QUINTANA (Valero Energy Corporation) This response focuses more on the latter part of the question related to alternatives, which John has already touched on with a good start. We see vapor suppression additives as only one option of several available for consideration as part of a comprehensive Process Safety Management (PSM) program. The industry recommendations to consider are summarized in API Recommended Practice 751 for Safe Operation of HF Acid Alkylation Units. We believe an effective program will comprise of recommendations emphasizing leak prevention and monitoring, as well as the mitigation systems to be used in case of a leak event.
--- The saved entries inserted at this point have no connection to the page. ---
Definition countable (T : Type) : Prop := exists f : T -> nat, forall x y, f x = f y -> x = y.
Definition surjective {X Y : Type} (f : X -> Y) : Prop := forall y, exists x, f x = y.

Arguments is_path {V Ed} src rg l.
Arguments Lplus {V Ed Alph} src rg lab w.
Arguments Lstar {V Ed Alph} src rg lab w.
Arguments subset {V} A C.
Arguments inter {V} A C.
Arguments union {V} A C.
Arguments fullset {V}.
Arguments nonemptyset {V} A.
Arguments rset {V Ed Alph} src rg lab A w.
Arguments rword {V Ed Alph} src rg lab w.
Arguments accommodating {V Ed Alph} src rg lab B.
Arguments weakly_left_resolving {V Ed Alph} src rg lab B.
Arguments B_alpha {V Ed Alph} src rg lab B w A.
Arguments filter_in {V Ed Alph} src rg lab B w F.
Arguments idem {V Ed Alph} src rg lab B w A.
Arguments idem_le {V Ed Alph} src rg lab a A b C.
Arguments filter_ES {V Ed Alph} src rg lab B xi.
Arguments finite_type_with_word {V Alph} xi alpha.
Arguments subword {Alph} alpha i j.
Arguments Fn {V Alph} B xi alpha n A.

(** Up-closure of [xi] lets an idempotent [(alpha_{1,m}, A', _)]
    be pulled back to any shorter prefix, and a common lower bound with the
    idempotent at the full word [alpha] lets [(alpha_{1,n}, A, _)] be pushed
    forward to [(alpha_{1,m}, r(A, alpha_{n+1,m}), _)]; together these give (ii).
    For (i), the sections are up-closed for the same reason, nonempty because
    [r(alpha_{1,n})] lies above the idempotent at [alpha], and directed because
    weak left resolution turns a common lower bound of [(beta, A, _)] and
    [(beta, C, _)] into one below [(beta, A ∩ C, _)]. *)
From Stdlib Require Import List Arith Lia Classical.
Import ListNotations.

Section Ranges.
Context {V Ed Alph : Type} {src rg : Ed -> V} {lab : Ed -> Alph}.

Local Notation r := (rset src rg lab).

(* [r(A, w)] computed letter by letter, which makes concatenation easy. *)
Fixpoint rset_rec (A : V -> Prop) (w : list Alph) : V -> Prop :=
  match w with
  | [] => A
  | a :: w' => fun v =>
      exists e, lab e = a /\ A (src e) /\ rset_rec (fun x => x = rg e) w' v
  end.

Lemma rset_rec_mono w : forall A C, subset A C -> subset (rset_rec A w) (rset_rec C w).
Proof.
  induction w as [|a w IH]; intros A C HAC v; simpl; [auto|].
  intros (e & He & HA & Hv); exists e; auto.
Qed.

Lemma rset_rec_source w A v : rset_rec A w v -> exists z, A z.
Proof. destruct w; simpl; [eauto|]. intros (e & _ & HA & _); eauto. Qed.

Lemma rset_rec_exists (I : Type) (P : I -> V -> Prop) w v :
  rset_rec (fun z => exists i, P i z) w v <-> exists i, rset_rec (P i) w v.
Proof.
  split.
  - destruct w; simpl; [auto|]. intros (e & He & [i Hi] & Hv); exists i, e; auto.
  - intros [i Hv]. apply (rset_rec_mono w (P i)); [|exact Hv]. intros z Hz; eauto.
Qed.

Lemma rset_rec_app x : forall A y v,
  rset_rec A (x ++ y) v <-> rset_rec (rset_rec A x) y v.
Proof.
  induction x as [|a x IH]; intros A y v; simpl; [tauto|].
  rewrite rset_rec_exists. split.
  - intros (e & He & HA & Hv). exists e. rewrite IH in Hv.
    apply (rset_rec_mono y (rset_rec (fun z => z = rg e) x)); [|exact Hv].
    intros z Hz; auto.
  - intros [e Hv]. destruct (rset_rec_source _ _ _ Hv) as (z & He & HA & _).
    exists e. do 2 (split; [assumption|]). rewrite IH.
    refine (rset_rec_mono y _ _ _ v Hv). intros u (_ & _ & Hu); exact Hu.
Qed.

Lemma last_cons_default (e : Ed) l d d' : last (e :: l) d = last (e :: l) d'.
Proof.
  revert e; induction l as [|e' l IH]; intros e; [reflexivity|].
  apply (IH e').
Qed.

Lemma path_rset_rec w : forall e v,
  (exists l, is_path src rg (e :: l) /\ map lab l = w /\ rg (last (e :: l) e) = v)
  <-> rset_rec (fun x => x = rg e) w v.
Proof.
  induction w as [|a w IH]; intros e v; split.
  - intros ([|e' l] & _ & Hm & Hl); [simpl in *; auto|discriminate].
  - simpl; intros ->. exists []. simpl. auto.
  - intros ([|e' l] & Hp & Hm & Hl); [discriminate|].
    injection Hm as Ha Hm. destruct Hp as [Hr Hp].
    exists e'. split; [assumption|split; [congruence|]].
    apply IH. exists l. repeat split; auto.
    rewrite <- Hl. simpl. f_equal. apply last_cons_default.
  - intros (e' & Ha & Hs & Hv). apply IH in Hv. destruct Hv as (l & Hp & Hm & Hl).
    exists (e' :: l). repeat split; auto; simpl; [congruence|].
    rewrite <- Hl. f_equal. apply last_cons_default.
Qed.

Lemma rset_recE A w v : r A w v <-> rset_rec A w v.
Proof.
  destruct w as [|a w]; simpl; [tauto|]. split.
  - intros (e & l & Hp & Hm & HA & Hl). injection Hm as Ha Hm.
    exists e. repeat split; auto. apply path_rset_rec. eauto.
  - intros (e & Ha & HA & Hv). apply path_rset_rec in Hv.
    destruct Hv as (l & Hp & Hm & Hl).
    exists e, l. repeat split; auto. simpl; congruence.
Qed.

Lemma rset_mono A C w : subset A C -> subset (r A w) (r C w).
Proof. intros HAC v. rewrite !rset_recE. apply rset_rec_mono, HAC. Qed.

Lemma rset_source A w v : r A w v -> exists z, A z.
Proof. rewrite rset_recE. apply rset_rec_source. Qed.

Lemma rset_app A x y v : r A (x ++ y) v <-> r (r A x) y v.
Proof.
  rewrite !rset_recE, rset_rec_app. split; apply rset_rec_mono;
    intros z; rewrite rset_recE; auto.
Qed.

Lemma rset_subset_rword A a u :
  subset A (rword src rg lab a) -> subset (r A u) (rword src rg lab (a ++ u)).
Proof.
  intros HA v Hv. unfold rword. rewrite rset_app.
  exact (rset_mono _ _ u HA v Hv).
Qed.

Lemma Lplus_rword w : Lplus src rg lab w <-> w <> [] /\ exists v, rword src rg lab w v.
Proof.
  split.
  - intros ([|e l] & Hne & Hp & <-); [congruence|].
    split; [discriminate|]. exists (rg (last (e :: l) e)).
    exists e, l. repeat split; auto.
  - intros [Hne [v Hv]]. destruct w as [|a w]; [congruence|].
    destruct Hv as (e & l & Hp & Hm & _).
    exists (e :: l). repeat split; auto. discriminate.
Qed.

Lemma Lstar_prefix x y : Lstar src rg lab (x ++ y) -> Lstar src rg lab x.
Proof.
  destruct x as [|a x]; [left; reflexivity|]. intros [H|H]; [discriminate|right].
  apply Lplus_rword in H. destruct H as [_ [v Hv]].
  apply rset_app, rset_source in Hv. apply Lplus_rword. split; [discriminate|exact Hv].
Qed.

Lemma Lplus_suffix x y : Lstar src rg lab (x ++ y) -> y <> [] -> Lplus src rg lab y.
Proof.
  intros [H|H] Hy.
  - destruct x, y; simpl in H; congruence.
  - apply Lplus_rword in H. destruct H as [_ [v Hv]]. apply rset_app in Hv.
    apply Lplus_rword. split; [exact Hy|]. exists v.
    exact (rset_mono _ _ y (fun _ _ => I) v Hv).
Qed.

End Ranges.

Section FilterSections.
Context {V Ed Alph : Type} {src rg : Ed -> V} {lab : Ed -> Alph}.
Variables (B : (V -> Prop) -> Prop) (xi : list Alph -> (V -> Prop) -> Prop).
Hypothesis acc : accommodating src rg lab B.
Hypothesis wlr : weakly_left_resolving src rg lab B.
Hypothesis filt : filter_ES src rg lab B xi.

Local Notation r := (rset src rg lab).
Local Notation Balpha := (B_alpha src rg lab B).

Definition xi_section (a : list Alph) (A : V -> Prop) : Prop := B A /\ xi a A.

Lemma xi_idem a A : xi a A -> idem src rg lab B a A.
Proof. apply filt. Qed.

Lemma xi_up_prefix a b A C : xi (a ++ b) A -> Balpha a C -> subset A (r C b) -> xi a C.
Proof.
  intros HA HC HAC. destruct (xi_idem _ _ HA) as (HL & [z Hz] & _).
  apply (proj1 (proj2 (proj2 filt)) _ _ _ _ HA); [|exists b; auto].
  split; [exact (Lstar_prefix _ _ HL)|split; [|exact HC]].
  exact (rset_source _ _ _ (HAC z Hz)).
Qed.

Lemma xi_up a A C : xi a A -> Balpha a C -> subset A C -> xi a C.
Proof.
  intros HA HC HAC. apply (xi_up_prefix a [] A); [rewrite app_nil_r|..]; assumption.
Qed.

Lemma xi_inter a A C : xi a A -> xi a C -> xi a (inter A C).
Proof.
  intros HA HC.
  destruct (proj2 (proj2 (proj2 filt)) _ _ _ _ HA HC)
    as (d & D & HD & (d1 & Hd1 & HDA) & (d2 & Hd2 & HDC)).
  rewrite Hd1 in HD, Hd2. apply app_inv_head in Hd2. subst d2.
  destruct (xi_idem _ _ HD) as (HL & _).
  destruct (xi_idem _ _ HA) as (_ & _ & HBA & HAa).
  destruct (xi_idem _ _ HC) as (_ & _ & HBC & _).
  assert (HDAC : subset D (r (inter A C) d1)).
  { destruct d1 as [|b d1]; [intros v Hv; split; [apply HDA|apply HDC]; exact Hv|].
    intros v Hv. apply wlr; auto. exact (Lplus_suffix _ _ HL ltac:(discriminate)). }
  apply (xi_up_prefix a d1 D); [exact HD| |exact HDAC].
  split; [exact (proj1 (proj2 acc) _ _ HBA HBC)|intros v [Hv _]; auto].
Qed.

Lemma xi_section_filter a :
  (exists A, xi_section a A) -> filter_in src rg lab B a (xi_section a).
Proof.
  intros Hex. split; [exact Hex|split; [|split; [|split]]].
  - intros A [_ HA]. apply (xi_idem _ _ HA).
  - intros A [_ HA]. apply (xi_idem _ _ HA).
  - intros A C [_ HA] HC HAC. split; [apply HC|exact (xi_up _ _ _ HA HC HAC)].
  - intros A C [HBA HA] [HBC HC]. exists (inter A C).
    split; [split; [exact (proj1 (proj2 acc) _ _ HBA HBC)|exact (xi_inter _ _ _ HA HC)]|].
    split; intros v []; auto.
Qed.

Lemma xi_section_rword a b A :
  xi (a ++ b) A -> a <> [] -> xi_section a (rword src rg lab a).
Proof.
  intros HA Ha. destruct (xi_idem _ _ HA) as (HL & _ & _ & HAab).
  assert (HLa : Lplus src rg lab a).
  { destruct (Lstar_prefix _ _ HL) as [->|H]; [contradiction|exact H]. }
  assert (HBa : B (rword src rg lab a)) by exact (proj2 (proj2 (proj2 acc)) _ HLa).
  split; [exact HBa|].
  apply (xi_up_prefix a b A); [exact HA|split; [exact HBa|intros v Hv; exact Hv]|].
  intros v Hv. apply (proj1 (rset_app _ _ _ _)), HAab, Hv.
Qed.

(* The witness [A0] at a longer word is what forces the lower bound of [A] to
   have a word extending [a ++ u]. *)
Lemma xi_push a u c A0 A :
  xi (a ++ u ++ c) A0 -> xi a A -> u <> [] -> xi (a ++ u) (r A u).
Proof.
  intros HA0 HA Hu.
  destruct (xi_idem _ _ HA0) as (HL0 & _).
  destruct (xi_idem _ _ HA) as (_ & _ & HBA & HAa).
  assert (HLu : Lplus src rg lab u).
  { rewrite app_assoc in HL0. exact (Lplus_suffix a u (Lstar_prefix _ _ HL0) Hu). }
  destruct (proj2 (proj2 (proj2 filt)) _ _ _ _ HA0 HA)
    as (d & D & HD & (d1 & Hd1 & _) & (d2 & Hd2 & HDA)).
  rewrite Hd2, <- !app_assoc in Hd1. apply app_inv_head in Hd1. subst d2.
  rewrite Hd2, app_assoc in HD.
  apply (xi_up_prefix (a ++ u) (c ++ d1) D); [exact HD| |].
  - split; [exact (proj1 acc _ _ HBA HLu)|exact (rset_subset_rword _ _ _ HAa)].
  - intros v Hv. apply (proj1 (rset_app _ _ _ _)), HDA, Hv.
Qed.
(* For every positive integer $k$, $$\sum_{r=1}^{2k} r!\,{2k\brace r}=\sum_{p=1}^{k}\sum_{q=1}^{k}{k\brace p}{k\brace q}\,p!\,q!\,D(p,q).$$
   Context: ${k\brace r}$ denotes the Stirling number of the second kind (number of partitions of a $k$-element set into $r$ nonempty blocks). $D(m,n)$ is the Delannoy number, defined for nonnegative integers $m,n$ by $D(m,n)=1$ if $mn=0$, and $D(m,n)=D(m-1,n)+D(m-1,n-1)+D(m,n-1)$ if $mn\neq0$. *)

From mathcomp Require Import all_boot.

Fixpoint stirling2 (n k : nat) : nat :=
  match n, k with
  | 0, 0 => 1
  | 0, _.+1 => 0
  | _.+1, 0 => 0
  | n'.+1, k'.+1 => k'.+1 * stirling2 n' k'.+1 + stirling2 n' k'
  end.

(* Delannoy numbers: D(m,n)=1 if mn=0, else D(m-1,n)+D(m-1,n-1)+D(m,n-1). *)
Fixpoint delannoy (m n : nat) : nat :=
  match m with
  | 0 => 1
  | m'.+1 =>
    let fix aux (n : nat) : nat :=
      match n with
      | 0 => 1
      | n'.+1 => delannoy m' n + delannoy m' n' + aux n'
      end
    in aux n
  end.

Example stirling2_test : [:: stirling2 4 1; stirling2 4 2; stirling2 4 3; stirling2 4 4; stirling2 5 2] = [:: 1; 7; 6; 1; 15].
Proof. by []. Qed.
Example delannoy_test : [:: delannoy 1 1; delannoy 2 2; delannoy 3 3; delannoy 2 3] = [:: 3; 13; 63; 25].
Proof. by []. Qed.

From mathcomp Require Import all_boot zify.

(* Write s_n(p) = p! S(n,p) for the number of surjections of an n-set onto a
   p-set.  Then s_(n+1) = T s_n with (T u)(p) = p (u(p) + u(p-1)), and T is
   self-adjoint for the bilinear form <u, v> = sum_(p,q) u(p) v(q) D(p,q):
   summation by parts moves T onto the kernel as w |-> p w(p) + (p+1) w(p+1),
   and this transform of D(p,q) in p equals its transform in q.  Hence
   <s_k, s_k> = <s_k, T^k s_0> = <s_(2k), s_0> = sum_p s_(2k)(p),
   as D(p, 0) = 1 and s_0 is the indicator of 0.  All sums can be cut at any
   bound beyond 2k since s_n(p) = 0 for p > n. *)

Lemma delannoySS m n :
  delannoy m.+1 n.+1 = delannoy m n.+1 + delannoy m n + delannoy m.+1 n.
Proof. by []. Qed.

Lemma delannoy0n n : delannoy 0 n = 1. Proof. by []. Qed.

Lemma delannoyn0 m : delannoy m 0 = 1. Proof. by case: m. Qed.

Lemma delannoy1n n : delannoy 1 n = 2 * n + 1.
Proof. by elim: n => [|n IHn] //; rewrite delannoySS IHn !delannoy0n; lia. Qed.

Lemma delannoyn1 m : delannoy m 1 = 2 * m + 1.
Proof. by elim: m => [|m IHm] //; rewrite delannoySS IHm !delannoyn0; lia. Qed.

Definition surj_op (u : nat -> nat) (p : nat) := p * (u p + u p.-1).

Definition surj_op_adj (w : nat -> nat) (p : nat) := p * w p + p.+1 * w p.+1.

Lemma delannoy_adj_sym p q :
  surj_op_adj (delannoy^~ q) p = surj_op_adj (delannoy p) q.
Proof.
rewrite /surj_op_adj; elim: p q => [|p IHp] q.
  by rewrite delannoy1n !delannoy0n; lia.
elim: q => [|q IHq]; first by rewrite !delannoyn0 delannoyn1; lia.
have := IHp q.+1; have := IHp q.
by rewrite !delannoySS in IHq *; lia.
Qed.

Lemma sum_surj_op_adj K (u w : nat -> nat) : u K = 0 ->
  \sum_(0 <= p < K.+1) surj_op u p * w p =
  \sum_(0 <= p < K.+1) u p * surj_op_adj w p.
Proof.
move=> uK0; rewrite /surj_op /surj_op_adj.
under eq_bigr do rewrite mulnDr mulnDl.
under [RHS]eq_bigr do rewrite mulnDr.
rewrite !big_split /=; congr (_ + _).
  by apply: eq_bigr => p _; rewrite mulnCA mulnA.
rewrite big_nat_recl // big_nat_recr //= uK0 !mul0n add0n addn0.
by apply: eq_bigr => p _; rewrite mulnCA mulnA.
Qed.

Lemma surj_op_adj_sum (I : Type) (r : seq I) (c : I -> nat) (f : I -> nat -> nat) p :
  surj_op_adj (fun p => \sum_(i <- r) c i * f i p) p =
  \sum_(i <- r) c i * surj_op_adj (f i) p.
Proof.
rewrite /surj_op_adj !big_distrr -big_split /=.
by apply: eq_bigr => i _; rewrite mulnDr mulnCA [_ * (c i * _)]mulnCA.
Qed.

Definition delannoy_form K (u v : nat -> nat) :=
  \sum_(0 <= p < K.+1) u p * \sum_(0 <= q < K.+1) v q * delannoy p q.

Lemma eq_delannoy_form K {u1 u2 v1 v2 : nat -> nat} : u1 =1 u2 -> v1 =1 v2 ->
  delannoy_form K u1 v1 = delannoy_form K u2 v2.
Proof.
move=> eq_u eq_v; apply: eq_bigr => p _; rewrite eq_u; congr (_ * _).
by apply: eq_bigr => q _; rewrite eq_v.
Qed.

Lemma delannoy_form_surj_op_sym K u v : u K = 0 -> v K = 0 ->
  delannoy_form K (surj_op u) v = delannoy_form K u (surj_op v).
Proof.
move=> uK0 vK0; rewrite /delannoy_form sum_surj_op_adj //.
apply: eq_bigr => p _; congr (_ * _).
rewrite surj_op_adj_sum sum_surj_op_adj //.
by apply: eq_bigr => q _; rewrite delannoy_adj_sym.
Qed.

Definition surj n p := p`! * stirling2 n p.

Lemma stirling2_eq0 n p : n < p -> stirling2 n p = 0.
Proof. by elim: n p => [|n IHn] [|p] //= lt_np; rewrite !IHn //; lia. Qed.

Lemma surj_eq0 n p : n < p -> surj n p = 0.
Proof. by move=> lt_np; rewrite /surj stirling2_eq0 ?muln0. Qed.

Lemma surj0n p : surj 0 p = (p == 0).
Proof. by case: p => [|p] //; rewrite /surj muln0. Qed.

Lemma surjn0 n : 0 < n -> surj n 0 = 0.
Proof. by case: n => [|n] //; rewrite /surj muln0. Qed.

Lemma surjS n : surj n.+1 =1 surj_op (surj n).
Proof. by case=> [|p]; rewrite /surj_op /surj ?muln0 //= factS; nia. Qed.

Lemma delannoy_form_surj K a b : a + b < K ->
  delannoy_form K (surj a) (surj b) = delannoy_form K (surj (a + b)) (surj 0).
Proof.
elim: b a => [|b IHb] a lt_abK; first by rewrite addn0.
rewrite (eq_delannoy_form _ (frefl _) (surjS b)) -delannoy_form_surj_op_sym;
  try by apply: surj_eq0; lia.
rewrite -(eq_delannoy_form _ (surjS a) (frefl _)) IHb; last by lia.
by rewrite addSnnS.
Qed.

Lemma delannoy_form_surj0 K u :
  delannoy_form K u (surj 0) = \sum_(0 <= p < K.+1) u p.
Proof.
apply: eq_bigr => p _; rewrite big_ltn // big_nat big1 => [|q /andP[q_gt0 _]].
  by rewrite delannoyn0 addn0 !muln1.
by rewrite surj0n eqn0Ngt q_gt0.
Qed.

Lemma big_nat_trunc m n1 n2 (F : nat -> nat) : m <= n1 <= n2 ->
  (forall i, n1 <= i < n2 -> F i = 0) ->
  \sum_(m <= i < n2) F i = \sum_(m <= i < n1) F i.
Proof.
move=> /andP[le_mn1 le_n12] F0; rewrite (big_cat_nat le_mn1 le_n12) /=.
by rewrite [X in _ + X]big_nat [X in _ + X]big1 ?addn0 // => i /F0.
Qed.

Lemma sum_surj_supp n K (F : nat -> nat) : 0 < n <= K ->
  \sum_(0 <= p < K.+1) surj n p * F p = \sum_(1 <= p < n.+1) surj n p * F p.
Proof.
move=> /andP[n_gt0 le_nK]; rewrite big_ltn // surjn0 // add0n.
by apply: big_nat_trunc => [|i /andP[lt_ni _]]; rewrite ?surj_eq0 //; lia.
Qed.

Theorem corollary1 (k : nat) (hk : 0 < k) :
  \sum_(1 <= r < (2 * k).+1) r`! * stirling2 (2 * k) r =
  \sum_(1 <= p < k.+1) \sum_(1 <= q < k.+1)
     stirling2 k p * stirling2 k q * p`! * q`! * delannoy p q.
Proof.
rewrite mul2n -addnn.
have le_kK : 0 < k <= (k + k).+1 by lia.
transitivity (\sum_(0 <= p < (k + k).+2) surj (k + k) p * 1).
  by rewrite sum_surj_supp; [apply: eq_bigr => r _; rewrite muln1 | lia].
under eq_bigr do rewrite muln1.
rewrite -delannoy_form_surj0 -delannoy_form_surj //.
rewrite /delannoy_form sum_surj_supp //; apply: eq_bigr => p _.
rewrite sum_surj_supp // big_distrr; apply: eq_bigr => q _.
by rewrite /surj /=; lia.
Qed.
There are various elements recommended under RP 751 that are included in The Answer Book and the next three slides, so I will not go over them in detail here. The key elements include procedural aspects such as HAZOP assessments, MOC (Management of Change) programs, emergency response and control plans, and regular unit audits.
API RP 751 Elements:
•HAZOP assessment of existing unit equipment & controls
–per API RP 750 - Management of Process Hazards
•Management of Change program to address controls, instrumentation, metallurgy, procedures, relief system
•Thorough emergency response and control plan
Regular and thorough unit audits to address:
- Unit specific & industry incidents and risk exposure in the unit
- Inspection, maintenance & training records
- Mechanical & procedural changes since previous audit
- Testing & maintenance of detection, monitoring, control systems
- Testing & maintenance of mitigation systems in case of a leak
- Procedure compliance, understanding via observation, interviews
- Technology developments that further reduce accident risk
There are also equipment aspects, including regular equipment inspections, confirmation of correct metallurgy viamositive material inspection (PMI) programs, use of reliable instrumentation and minimum acid inventory, and then the mitigation systems.
API RP 751 Elements:
•A comprehensive program should include (continued):
–Regular and rigorous equipment inspections to confirm integrity of unit equipment, especially acid containing equipment
–Use of correct metallurgy
- per NACE 5A171
•Confirmation with Positive Material Identification program, especially in case of repairs or changes to equipment, piping
–Tracking mechanism to ensure resolution, close‐out of identified issues
–design tracking system to facilitate next audit
–Reliable level instrumentation systems less prone to fouling, such as nuclear, radar, ultrasonic or magnetic
–Minimum acid inventory
–Mitigation systems
These mitigation systems can include a variety of active and/or passive elements along with tell-tale components. The main active mitigation system components include water deluge or curtain systems, remote monitoring and activation systems, and rapid dump systems to limit the quantity of any leak and contain the leak to the unit area. Vapor suppression additives fall under the passive mitigation category and can be considered along with all of the other possible elements available as part of a PSM program.
API RP 751 Elements:
Mitigation systems can include active and/or passive elements as well as tell‐tale components:
- HF detectors can be point, open path or imaging systems
- Install as needed in unit risk envelope
- Acid sensitive paint on flanges, pump seals, etc.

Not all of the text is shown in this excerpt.